Records Start Marker

(* Let $X$ be an $n$-dimensional real normed space and let $Y \subseteq X$ be a $k$-dimensional subspace, where $1 \leq k \leq n-1$. Suppose that there exists a minimal Chalmers–Metcalf operator $T$ for $Y$ supported on $l$ pairs. Then $\dim \mathcal{P}_{\min}(X, Y) \leq k(n-k) - l + 1$.
   Context: A projection onto $Y$ is a linear $P:X\to Y$ with $P|_Y=\mathrm{id}_Y$; $\lambda(Y,X)$ is the infimum of the operator norms of projections and $\mathcal{P}_{\min}(X,Y)$ the set of projections of norm $\lambda(Y,X)$; $\dim\mathcal{P}_{\min}(X,Y)$ is the affine dimension of this convex subset of $\mathcal{L}(X,X)$. For $x\in X$, $f\in X^*$, $x\otimes f$ is the operator $z\mapsto f(z)x$. A Chalmers–Metcalf operator for $Y$ is an operator $T=\sum_{i=1}^{l}\alpha_i x_i\otimes f_i:X\to X$ with $(x_i,f_i)\in\mathrm{ext}\,B_X\times\mathrm{ext}\,B_{X^*}$ (extreme points of the unit balls of $X$ and $X^*$), $\alpha_i>0$, $\sum_i\alpha_i=1$, $T(Y)\subseteq Y$, and $f_i(P_0(x_i))=\|P_0\|=\lambda(Y,X)$ for all $i$ and some fixed minimal projection $P_0$; it is supported on the $l$ pairs $(x_i,f_i)$. It is minimal if no proper subset of the pairs $(x_i,f_i)$ yields a Chalmers–Metcalf operator for $Y$ with any choice of weights. *)

From HB Require Import structures.
From mathcomp Require Import all_boot all_order all_algebra.
From mathcomp Require Import boolp classical_sets reals.
Set Implicit Arguments. Unset Strict Implicit. Unset Printing Implicit Defensive.
Import Order.TTheory GRing.Theory Num.Theory.
Local Open Scope ring_scope.
Local Open Scope classical_set_scope.

(* Model: X = row vectors 'rV[R]_n equipped with a norm N.  Operators
   X -> X are matrices acting on the right: A(x) = x *m A.
   Functionals f in X^* are column vectors: f(x) = (x *m f) 0 0.
   The operator x (x) f : z |-> f(z) x is the matrix f *m x.
   A subspace Y of X is given as the row space of a matrix Y : 'M_n. *)

Section Defs.
Variables (R : realType) (n : nat).

Definition fapp (f : 'cV[R]_n) (x : 'rV[R]_n) : R := (x *m f) 0 0.

Definition is_norm (N : 'rV[R]_n -> R) : Prop :=
  [/\ forall x, N x = 0 -> x = 0,
      forall (a : R) x, N (a *: x) = `|a| * N x &
      forall x y, N (x + y) <= N x + N y].

Definition unit_ball (N : 'rV[R]_n -> R) : set 'rV[R]_n := [set x | N x <= 1].

Definition dual_norm (N : 'rV[R]_n -> R) (f : 'cV[R]_n) : R :=
  sup [set `|fapp f x| | x in unit_ball N].

Definition dual_unit_ball (N : 'rV[R]_n -> R) : set 'cV[R]_n :=
  [set f | dual_norm N f <= 1].

Definition extreme_point (V : lmodType R) (B : set V) (x : V) : Prop :=
  B x /\ forall y z (t : R), B y -> B z -> 0 < t < 1 ->
    x = t *: y + (1 - t) *: z -> y = z.

Definition op_norm (N : 'rV[R]_n -> R) (A : 'M[R]_n) : R :=
  sup [set N (x *m A) | x in unit_ball N].

Definition is_projection (Y : 'M[R]_n) (P : 'M[R]_n) : Prop :=
  (P <= Y)%MS /\ forall y : 'rV[R]_n, (y <= Y)%MS -> y *m P = y.

Definition proj_const (N : 'rV[R]_n -> R) (Y : 'M[R]_n) : R :=
  inf [set op_norm N P | P in is_projection Y].

Definition Pmin (N : 'rV[R]_n -> R) (Y : 'M[R]_n) : set 'M[R]_n :=
  [set P | is_projection Y P /\ op_norm N P = proj_const N Y].

Definition affine_in (S : set 'M[R]_n) (d : nat) : bool :=
  `[< exists (P0 : 'M[R]_n) (V : 'M[R]_(n * n)),
        (\rank V <= d)%N /\ forall P, S P -> (mxvec (P - P0) <= V)%MS >].

Lemma affine_in_ex (S : set 'M[R]_n) : exists d, affine_in S d.
Proof.
exists (n * n)%N; apply/asboolP; exists 0, 1%:M; split.
  by rewrite mxrank1.
by move=> P _; rewrite submx1.
Qed.

Definition affdim (S : set 'M[R]_n) : int :=
  if pselect (exists P, S P) then (ex_minn (affine_in_ex S))%:Z else (-1)%R.

Definition CM_on (N : 'rV[R]_n -> R) (Y : 'M[R]_n) (l : nat)
    (x : 'I_l -> 'rV[R]_n) (f : 'I_l -> 'cV[R]_n) (a : 'I_l -> R)
    (J : {set 'I_l}) : Prop :=
  [/\ forall i, i \in J -> extreme_point (unit_ball N) (x i)
                        /\ extreme_point (dual_unit_ball N) (f i),
      forall i, i \in J -> 0 < a i,
      \sum_(i in J) a i = 1,
      (Y *m (\sum_(i in J) a i *: (f i *m x i)) <= Y)%MS &
      exists P0, Pmin N Y P0 /\
        forall i, i \in J -> fapp (f i) (x i *m P0) = proj_const N Y].

Definition CM_op (l : nat) (x : 'I_l -> 'rV[R]_n) (f : 'I_l -> 'cV[R]_n)
    (a : 'I_l -> R) : 'M[R]_n := \sum_(i < l) a i *: (f i *m x i).

Definition is_CM_operator (N : 'rV[R]_n -> R) (Y : 'M[R]_n) (l : nat)
    (x : 'I_l -> 'rV[R]_n) (f : 'I_l -> 'cV[R]_n) (a : 'I_l -> R)
    (T : 'M[R]_n) : Prop :=
  CM_on N Y x f a [set: 'I_l] /\ T = CM_op x f a.

Definition CM_minimal (N : 'rV[R]_n -> R) (Y : 'M[R]_n) (l : nat)
    (x : 'I_l -> 'rV[R]_n) (f : 'I_l -> 'cV[R]_n) : Prop :=
  forall (J : {set 'I_l}) (b : 'I_l -> R),
    J \proper [set: 'I_l] -> ~ CM_on N Y x f b J.

End Defs.

From HB Require Import structures.
From mathcomp Require Import all_boot all_order all_algebra.
From mathcomp Require Import boolp classical_sets reals.
From mathcomp Require Import topology normedtype derive.
From mathcomp Require Import ring lra zify.
Set Implicit Arguments.
Unset Strict Implicit.
Unset Printing Implicit Defensive.
Import Order.TTheory GRing.Theory Num.Theory.
Import numFieldNormedType.Exports.
Local Open Scope ring_scope.

(* Let P0 be the minimal projection in the definition of the Chalmers-Metcalf
   operator T = sum_i a_i x_i (x) f_i, and P any minimal projection.  Since
   T(Y) is contained in Y and P - P0 = (1 - P0)(P - P0)P0, the trace
   tr((P - P0)T) vanishes; as f_i(x_i P) <= |P| = f_i(x_i P0) and a_i > 0,
   every tr((P - P0)(x_i (x) f_i)) vanishes.  So P_min(X, Y) lies in P0 plus
   the corners (1 - P0) Z P0, a space of dimension at most k(n - k), cut by
   the l linear forms D |-> tr(D (x_i (x) f_i)).  These forms have rank at
   least l - 1 on the corners: a relation sum_i c_i tr(D (x_i (x) f_i)) = 0
   on corners D, with sum_i c_i = 0, makes sum_i c_i x_i (x) f_i leave Y
   invariant (an operator C does so iff tr((1 - P0) Z P0 C) = 0 for all Z),
   and moving the weights a along c until one of them vanishes yields a
   Chalmers-Metcalf operator on fewer pairs, contradicting minimality. *)

Lemma mx_entry_le_norm {R : realType} {m p : nat} (A : 'M[R]_(m, p)) i j :
  `|A i j| <= `|A|.
Proof.
rewrite [leRHS]/Num.norm /= mx_normrE.
by apply/bigmax_geP; right; exists (i, j).
Qed.

Section NormFacts.
Local Open Scope classical_set_scope.
Variables (R : realType) (n : nat) (N : 'rV[R]_n -> R).
Hypothesis hN : is_norm N.

Lemma isnorm0 : N 0 = 0.
Proof. by have [_ NZ _] := hN; rewrite -(scale0r 0) NZ normr0 mul0r. Qed.

Lemma isnormN x : N (- x) = N x.
Proof. by have [_ NZ _] := hN; rewrite -scaleN1r NZ normrN normr1 mul1r. Qed.

Lemma isnorm_ge0 x : 0 <= N x.
Proof.
have [_ _ ND] := hN; have := ND x (- x).
by rewrite subrr isnorm0 isnormN -mulr2n pmulrn_lge0.
Qed.

Lemma isnorm_gt0 x : x != 0 -> 0 < N x.
Proof.
have [N0 _ _] := hN; rewrite lt_def isnorm_ge0 andbT.
by apply: contra => /eqP /N0 ->.
Qed.

Lemma isnorm_dist x y : `|N x - N y| <= N (x - y).
Proof.
have [_ _ ND] := hN.
have := ND (x - y) y; have := ND (y - x) x.
rewrite !subrK -opprB isnormN => hy hx.
by rewrite ler_norml; apply/andP; split; lra.
Qed.

Lemma isnorm_mulmx_le x (A : 'M[R]_n) :
  N (x *m A) <= `|x| * \sum_j N (row j A).
Proof.
have [_ NZ ND] := hN.
rewrite mulmx_sum_row mulr_sumr.
elim/big_ind2: _ => [|u1 r1 u2 r2 h1 h2|j _].
- by rewrite isnorm0.
- exact: le_trans (ND _ _) (lerD h1 h2).
- by rewrite NZ ler_wpM2r ?isnorm_ge0 ?mx_entry_le_norm.
Qed.

Lemma isnorm_continuous : continuous N.
Proof.
pose K := \sum_j N (row j (1%:M : 'M[R]_n)) + 1.
have K0 : 0 < K by rewrite ltr_wpDl // sumr_ge0 // => j _; exact: isnorm_ge0.
have N_lip t u : `|N t - N u| <= `|t - u| * K.
  apply: le_trans (isnorm_dist t u) _.
  have := isnorm_mulmx_le (t - u) 1%:M; rewrite mulmx1 => /le_trans; apply.
  by rewrite ler_wpM2l // lerDl.
move=> x; apply/(@cvgrPdist_lt _ _ _ _ (nbhs_filter x)) => e e0.
near=> t; apply: le_lt_trans (N_lip x t) _; rewrite -ltr_pdivlMr //.
near: t; apply: (@cvgr_dist_lt _ _ _ (nbhs x) (nbhs_filter x) id x).
  exact: (@cvg_id _ (nbhs x)).
by rewrite divr_gt0.
Unshelve. all: by end_near.
Qed.

(* Equivalence with the max norm: without it the suprema defining [op_norm]
   and [dual_norm] could be taken over unbounded sets. *)
Lemma isnorm_ge_normr : exists2 c, 0 < c & forall x, c * `|x| <= N x.
Proof.
have [_ NZ _] := hN.
pose S := [set x : 'rV[R]_n | `|x| = 1].
have normalize x : x != 0 -> S (`|x|^-1 *: x).
  by move=> x0; rewrite /S /= normrZ normfV normr_id mulVf ?normr_eq0.
have [S0|S0] := pselect (S !=set0); last first.
  exists 1 => // x; have [->|/normalize Sx] := eqVneq x 0.
    by rewrite normr0 mulr0 isnorm_ge0.
  by case: S0; exists (`|x|^-1 *: x).
have cS : compact S.
  apply: bounded_closed_compact.
    by exists 1; split=> [|y y1 x /= ->]; [exact: num_real | exact: ltW].
  have -> : S = (fun x => `|x|) @^-1` [set r | r = 1] by [].
  apply: preimage_closed; last exact: closed_eq.
  by move=> x _; exact: norm_continuous.
have cN : {within S, continuous N}.
  by apply: continuous_subspaceT => x; exact: isnorm_continuous.
have [c /set_mem Sc minN] := EVT_min_rV S0 cS cN.
have c0 : c != 0.
  apply/eqP => c0; move: Sc; rewrite /S /= c0 normr0.
  by move=> /esym/eqP; rewrite oner_eq0.
exists (N c) => [|x]; first exact: isnorm_gt0.
have [->|x0] := eqVneq x 0; first by rewrite normr0 mulr0 isnorm_ge0.
have := minN _ (mem_set (normalize x x0)).
by rewrite NZ normfV normr_id ler_pdivlMl ?normr_gt0 // mulrC.
Qed.

Lemma unit_ball_bounded : exists C, forall x, N x <= 1 -> `|x| <= C.
Proof.
have [c c0 cN] := isnorm_ge_normr.
exists c^-1 => x x1; rewrite -(ler_pM2l c0) mulfV ?gt_eqF //.
exact: le_trans (cN x) x1.
Qed.

Lemma op_norm_ub x P : N x <= 1 -> N (x *m P) <= op_norm N P.
Proof.
move=> x1; apply: ub_le_sup; last by exists x.
have [C ballC] := unit_ball_bounded.
exists (C * \sum_j N (row j P)) => _ [y y1 <-].
apply: le_trans (isnorm_mulmx_le y P) _; rewrite ler_wpM2r ?ballC //.
by rewrite sumr_ge0 // => j _; exact: isnorm_ge0.
Qed.

Lemma dual_norm_has_ub f : has_ubound [set `|fapp f x| | x in unit_ball N].
Proof.
have [C ballC] := unit_ball_bounded.
exists (C * \sum_j `|f j 0|) => _ [y y1 <-].
rewrite /fapp mxE; apply: le_trans (ler_norm_sum _ _ _) _.
rewrite mulr_sumr ler_sum // => j _; rewrite normrM ler_wpM2r //.
exact: le_trans (mx_entry_le_norm y 0 j) (ballC y y1).
Qed.

Lemma dual_norm_ge0 f : 0 <= dual_norm N f.
Proof.
apply: le_trans (ub_le_sup (dual_norm_has_ub f) _); last first.
  by exists 0; rewrite /unit_ball /= ?isnorm0.
by rewrite /fapp mul0mx mxE normr0.
Qed.

Lemma fapp_le_dual_norm f y : fapp f y <= dual_norm N f * N y.
Proof.
have [_ NZ _] := hN.
have [->|y0] := eqVneq y 0; first by rewrite /fapp mul0mx mxE isnorm0 mulr0.
have Ny := isnorm_gt0 y0.
have y1 : unit_ball N ((N y)^-1 *: y).
  by rewrite /unit_ball /= NZ ger0_norm ?invr_ge0 ?isnorm_ge0 // mulVf ?gt_eqF.
have := ub_le_sup (dual_norm_has_ub f) (ex_intro2 _ _ _ y1 erefl).
rewrite /fapp -scalemxAl mxE normrM ger0_norm ?invr_ge0 ?isnorm_ge0 //.
by rewrite ler_pdivrMl // mulrC; apply: le_trans (ler_norm _).
Qed.

Lemma fapp_le_op_norm f x P :
  N x <= 1 -> dual_norm N f <= 1 -> fapp f (x *m P) <= op_norm N P.
Proof.
move=> x1 f1; have xP : N (x *m P) <= op_norm N P := op_norm_ub P x1.
apply: le_trans (fapp_le_dual_norm f _) _.
apply: le_trans (ler_wpM2l (dual_norm_ge0 f) xP) _.
by rewrite ler_piMl // (le_trans (isnorm_ge0 _) xP).
Qed.

End NormFacts.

Records End Marker

Look over the listing above. Pick out and copy every line that includes "mulrC".

by rewrite NZ normfV normr_id ler_pdivlMl ?normr_gt0 // mulrC.
by rewrite ler_pdivrMl // mulrC; apply: le_trans (ler_norm _).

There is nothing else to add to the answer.